A set of connected peers forming a gossip network.

Gossip Protocol

The Radicle networking layer is designed as a gossip protocol, where messages are relayed between peers to build routing tables that aid in repository discovery and replication. The core functionality is achieved with three message types, each fulfilling a distinct role:

Node Announcements are used for broadcasting Node IDs and physical addresses on which a node is publicly reachable, to facilitate peer discovery.

Node Announcement    
version u8 Supported protocol version
features u64 Advertised node capabilities
timestamp u64 Message timestamp (unix time)
alias u8[] Non-unique alias (UTF-8)
addresses Address[] External addresses
nonce u64 Nonce used for DoS protection
agent u8[] User-agent (UTF-8)

Inventory Announcements are used for broadcasting repository inventories and constructing the routing table which maps out what repositories are hosted where.

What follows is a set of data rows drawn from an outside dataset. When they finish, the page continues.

(* Let a memory system $M$ consist of one elementary system and an information system $I=I_1\cdots I_N$ of $N$ elementary systems, all with ontic coordinates in $\mathbb{Z}_d$ or all in $\mathbb{R}$; order the joint coordinates as $(q_M,p_M,q_{I_1},p_{I_1},\dots)$. Let the state of $I$ be an arbitrary valid epistemic state $(W,\vec w)$, with $W$ spanned by $\vec w_1,\dots,\vec w_k$. Let $S^M$ be a symplectic transformation of $I$ and $\vec f=((S^M)^T)^{-1}\vec q_1$, where $\vec q_1$ is the position observable of $I_1$; let $T$ be a symplectic transformation of $M$ and $\vec v=(T^T)^{-1}\vec q$, where $\vec q$ is the position observable of $M$. Let the memory initially be in the state where the value of $\vec v$ is $0$, so the total initial state is $\big(\langle(\vec v,0,\dots,0)^T,(0,0,\vec w_1)^T,\dots,(0,0,\vec w_k)^T\rangle,(0,0,\vec w)^T\big)$. Let $\Phi$ be the symplectic transformation acting on $M$ and $I_1$ (identity on $I_2,\dots,I_N$) by $(q_{I_1},p_{I_1},q_M,p_M)\mapsto(q_{I_1},\,p_{I_1}-p_M,\,q_M+q_{I_1},\,p_M)$. Then the transformation $$\Gamma=(T\oplus\mathbb{1}_I)(\mathbb{1}_M\oplus S^M)\,\Phi\,(\mathbb{1}_M\oplus (S^M)^{-1})(T^{-1}\oplus\mathbb{1}_I)$$ correlates the value of $\vec v$ on the memory with the value of $\vec f$ on the information system: in the final state, every compatible ontic state $\vec m=(\vec m_M,\vec m_I)$ satisfies $\vec v^T\vec m_M=\vec f^T\vec m_I$. Moreover, if $d$ is prime or the systems are continuous, the marginal of the final state on $I$ (tracing out the memory) is the mixture of the post-measurement states corresponding to all possible outcomes (those with nonzero probability) of a measurement of $\vec f$ (i.e. of $V_\pi=\langle\vec f\rangle$) on $(W,\vec w)$.
   Context: Toy theory (quadrature formalism): ontic states $\vec m\in\Omega=\mathbb{Z}_d^{2n}$ or $\mathbb{R}^{2n}$, coordinates $(q_1,p_1,\dots,q_n,p_n)$; an observable $\vec f\in\Omega$ takes value $\vec f^T\vec m$; the position observable of the $i$-th elementary system is the vector with a 1 in coordinate $q_i$ and zeros elsewhere. Poisson bracket $[\vec f,\vec g]=\sum_i(f_{2i-1}g_{2i}-f_{2i}g_{2i-1})$; a matrix is symplectic if it preserves this bracket. A valid epistemic state $(V,\vec v)$ has $V$ an isotropic subspace/submodule ($[\vec f,\vec g]=0$ on $V$); compatible ontic states are $V^\perp+\vec v$ ($V^\perp=\{\vec m:\vec f^T\vec m=0\ \forall\vec f\in V\}$), uniformly distributed. A symplectic $\Gamma$ acts by $\vec m\mapsto\Gamma\vec m$ and $(V,\vec v)\mapsto((\Gamma^T)^{-1}V,\Gamma\vec v)$. Tracing out a subsystem = marginalizing the uniform distribution. A measurement is an isotropic $V_\pi$, outcome $\vec v_\pi$ = cell $V_\pi^\perp+\vec v_\pi$; post-measurement state: $(V_\pi+V_{\text{commute}},\vec v')$ with $V_{\text{commute}}=\{\vec f\in V:[\vec f,\vec g]=0\ \forall \vec g\in V_\pi\}$ and $\vec v'\in(V_\pi^\perp+\vec v_\pi)\cap(V_{\text{commute}}^\perp+\vec v)$. A mixture of epistemic states is the uniform distribution on the union of their compatible ontic sets. *)

(* Ontic states of n elementary systems are column vectors of length 2n; the
   coordinates (q_1,p_1,...,q_n,p_n) are stored at 0-based indices
   (0,1,...,2n-2,2n-1), i.e. q_(i+1) is at index 2i and p_(i+1) at index 2i+1. *)
From HB Require Import structures.
From mathcomp Require Import all_boot all_order all_algebra.
From mathcomp Require Import reals.
Set Implicit Arguments. Unset Strict Implicit. Unset Printing Implicit Defensive.
Import Order.TTheory GRing.Theory Num.Theory.
Local Open Scope ring_scope.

Inventory Announcement    
inventory RepoID[] Repository inventory
timestamp u64 Message timestamp (unix time)

Reference Announcements are used for broadcasting updates to repositories, relayed only to nodes interested in the relevant repository.

Refs Announcement    
rid RepoID Repository that was updated
refs {NodeID, OID}[] Updated signed refs (rad/sigrefs)
timestamp u64 Message timestamp (unix time)

To prevent endless propagation, nodes drop any message already encountered. However, for the sake of broadcasting messages to new nodes, gossip messages may be temporarily stored and replayed to nodes joining the network for the first time, or after a long period of being offline.

Each announcement includes the originating Node ID along with a cryptographic signature and timestamp, allowing network participants to verify the authenticity of messages before relaying them to peers.

Announcement message structure.

Tip: Refer to RIP-1 to learn more details about Radicle’s networking protocol.

Transport Encryption & Privacy

Connections between peers in the Radicle network are encrypted using a Noise protocol handshake. This begins with two peers performing a Diffie-Hellman key exchange to agree on a shared session key that is used for the duration of the connection.

Radicle uses the XK handshake pattern, which requires the connection responder’s static key to be known in advance by the initiator. This pre-sharing takes place over the gossip network via the NodeAnnouncement message, since the static key is simply the Node ID.

Once the static key is known, a connection to the node can be initiated securely, by generating an ephemeral key from the static key, using Diffie-Hellman. The last step involves the initiating node sending its own static key over the secure channel.

After the handshake phase is completed, all data exchanged between peers is fully encrypted and benefits from strong forward secrecy, ensuring secure and private communications across the network.

Tip: Radicle also supports Tor addresses. Users can leverage Tor to hide their IP address from peers, and connect to .onion addresses on the Tor network.

Replication via Git

While gossip is used to exchange metadata, actual repository data is transferred via replication using the Git protocol. The process begins with a node establishing a secure connection to one or more of the repository’s seeds, upon receiving a reference or inventory announcement of interest.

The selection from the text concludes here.